Labor MP Amanda Rishworth said that although the Morrison government talked about jobs, voters in suburban South Africa did not benefit from it.
“Messages about the economy and jobs have not been as strong as they should have been in the suburbs,” she told Sky News.
“We have to talk about the problems of bread and butter – that’s the lesson.”

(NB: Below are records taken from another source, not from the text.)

Lemma character_sum (chi : D -> C) (u : seq D) (a : D -> int) :
    (forall x, `|chi x| = 1) -> {morph chi : x y / x + y >-> x * y} ->
  chi (\sum_(x <- u) x *~ a x) = \prod_(x <- u) chi x ^ a x.
Proof.
by move=> chi1 chiD; apply: (partial_char_sum (partial_char_graph chi1 chiD)).
Qed.

End PartialCharacter.

Section SpanGraph.
Variables (C : numClosedFieldType) (D : zmodType) (E : D -> Prop) (phi : D -> C).

Definition span_graph : set (D * C) :=
  [set v | exists (u : seq D) (a : D -> int), [/\ uniq u, forall x, x \in u -> E x &
     v = (\sum_(x <- u) x *~ a x, \prod_(x <- u) phi x ^ a x)]].

Lemma span_graphB v w : (forall x, E x -> phi x != 0) ->
  span_graph v -> span_graph w -> span_graph (v.1 - w.1, v.2 / w.2).
Proof.
move=> phi0 [u1 [a1 [U1 E1 ->]]] [u2 [a2 [U2 E2 ->]]] /=.
set u := undup (u1 ++ u2).
have [Uu s1 s2] : [/\ uniq u, {subset u1 <= u} & {subset u2 <= u}].
  by split=> [|x|x]; rewrite ?undup_uniq // mem_undup mem_cat => ->; rewrite ?orbT.
have Eu x : x \in u -> E x by rewrite mem_undup mem_cat => /orP[/E1|/E2].
pose r1 x := if x \in u1 then a1 x else 0.
pose r2 x := if x \in u2 then a2 x else 0.
exists u, (fun x => r1 x - r2 x); split=> //; congr (_, _); apply/esym.
  rewrite (eq_bigr (fun x => x *~ r1 x - x *~ r2 x)) ?sumrB => [|x _]; last by rewrite mulrzBr.
  by rewrite !big_restrict_uniq.
rewrite (eq_big_seq (fun x => phi x ^ r1 x / phi x ^ r2 x)) => [|x xu]; last first.
  by rewrite expfzDr -?invr_expz //; apply/phi0/Eu.
by rewrite big_split prodfV /= !(big_restrict_uniq _ (F := fun x j => phi x ^ j)).
Qed.

Lemma partial_char_span_graph (N : nat) : (0 < N)%N ->
    (forall x, E x -> phi x ^+ N = 1) -> independent_mod N E ->
  partial_char span_graph.
Proof.
move=> N_gt0 phiN indE.
have phi1 x : E x -> `|phi x| = 1.
  by move=> Ex; apply/eqP; rewrite -(pexpr_eq1 N_gt0) // -normrX phiN ?normr1.
have phi0 x : E x -> phi x != 0 by move/phi1; rewrite -normr_eq0 => ->; rewrite oner_eq0.
split.
- by exists [::], (fun=> 0%Z); rewrite !big_nil.
- by move=> u v; apply: span_graphB.
- move=> c [u [a [Uu Eu [/esym/indE dvdN ->]]]].
  rewrite big1_seq // => x /andP[_ xu]; have /divzK <- := dvdN Uu Eu x xu.
  by rewrite mulrC -exprz_exp -exprnP phiN ?exp1rz //; apply: Eu.
- move=> _ [u [a [_ Eu ->]]] /=; rewrite normr_prod big1_seq // => x /andP[_ xu].
  by rewrite norm_expz_eq1 //; apply/phi1/Eu.
Qed.

End SpanGraph.

Lemma prim_root_exists (C : numClosedFieldType) (N : nat) :
  (0 < N)%N -> exists z : C, N.-primitive_root z.
Proof.
move=> N_gt0; have [r Dr] := closed_field_poly_normal ('X^N - 1 : {poly C}).
rewrite (monicP (monicXnsubC 1 N_gt0)) scale1r in Dr.
have /hasP[z _ ?] : has N.-primitive_root r; last by exists z.
apply: has_prim_root => //.
- by apply/allP => z; rewrite -root_prod_XsubC -Dr.
- by rewrite -separable_prod_XsubC -Dr separable_Xn_sub_1 // pnatr_eq0 -lt0n.
- by rewrite -ltnS -(size_prod_XsubC r id) -Dr size_XnsubC.
Qed.

Lemma prim_root_expz_eq1 (C : fieldType) (N : nat) (z : C) (i : int) :
  N.-primitive_root z -> (z ^ i == 1) = (N%:Z %| i)%Z.
Proof.
move=> z_prim; case: i => n; first by rewrite -exprnP -(prim_order_dvd z_prim).
by rewrite NegzE -invr_expz invr_eq1 -exprnP -(prim_order_dvd z_prim).
Qed.

Lemma independent_mod_PR (R : realType) (D : zmodType) (N : nat) (E : D -> Prop) :
  (0 < N)%N -> independent_mod N E -> PR R N E.
Proof.
move=> N_gt0 indE phi phiN.
have [chi [chi1 chiD chiE]] :=
  partial_char_extend (partial_char_span_graph N_gt0 phiN indE).
exists chi; split=> [|g Eg]; first by split.
apply: chiE; exists [:: g], (fun=> 1%Z); split=> //.
- by move=> x; rewrite inE => /eqP ->.
- by rewrite !big_seq1 mulr1z expr1z.
Qed.

Lemma PR_independent_mod (R : realType) (D : zmodType) (N : nat) (E : D -> Prop) :
  (0 < N)%N -> PR R N E -> independent_mod N E.
Proof.
move=> N_gt0 PRE u a Uu Eu rel x0 x0u.
have [z z_prim] := prim_root_exists R[i] N_gt0.
pose phi y := if y == x0 then z else 1.
have [chi [[chi1 chiD] chiE]] :
    exists chi, is_character chi /\ forall g, E g -> chi g = phi g.
  apply: PRE => g _; rewrite /phi.
  by case: eqP => _; rewrite ?(prim_expr_order z_prim) ?expr1n.
have chi0 : chi 0 = 1 by have := character_sum [::] a chi1 chiD; rewrite !big_nil.
have := character_sum u a chi1 chiD; rewrite rel chi0.
rewrite (eq_big_seq (fun x => phi x ^ a x)) => [|x xu]; last by rewrite chiE //; apply: Eu.
rewrite (big_rem x0) //= big1_seq => [|y /andP[_ yx0]]; last first.
  move: yx0; rewrite mem_rem_uniq // inE => /andP[/negPf y_neq_x0 _].
  by rewrite /phi y_neq_x0 exp1rz.
by rewrite /phi eqxx mulr1 => /esym/eqP; rewrite (prim_root_expz_eq1 _ z_prim).
Qed.

Section ImageRelations.
Variables (D Q : zmodType) (pi : {additive D -> Q}) (E : D -> Prop).

Definition preim_pick (y : Q) : D :=
  if pselect (image_set pi E y) is left e then s2val (cid2 e) else 0.

Lemma preim_pickP y : image_set pi E y -> E (preim_pick y) /\ pi (preim_pick y) = y.
Proof. by rewrite /preim_pick; case: pselect => // e _; case: cid2. Qed.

Cabinet Minister Anne Ruston said the state elections were over health and the Marshall government’s management of the pandemic, not federal issues.
Senator Ruston said that when it comes to federal elections, they will fight for jobs and national security.
“I think these are two different choices and they will be held on two different grounds,” she said.
She dismissed suggestions that Mr. Marshall should have chosen to fight Canberra more in order to be seen as a strong leader for his state.
“I think Australians want our governments to work together,” she said.
One of the key factors in state elections that could affect the federal outcome is the shift of votes from minor parties such as the SA Best, led by former Senator Nick Xenophon, to Labor, as well as the strength of the Green vote.
This could lead to the defeat of two sitting senators, Rex Patrick and Stirling Griff.
With Boothby’s seat set to be a key battleground in the federal vote, moving the area’s state seat to Labor will give the federal opposition some strength.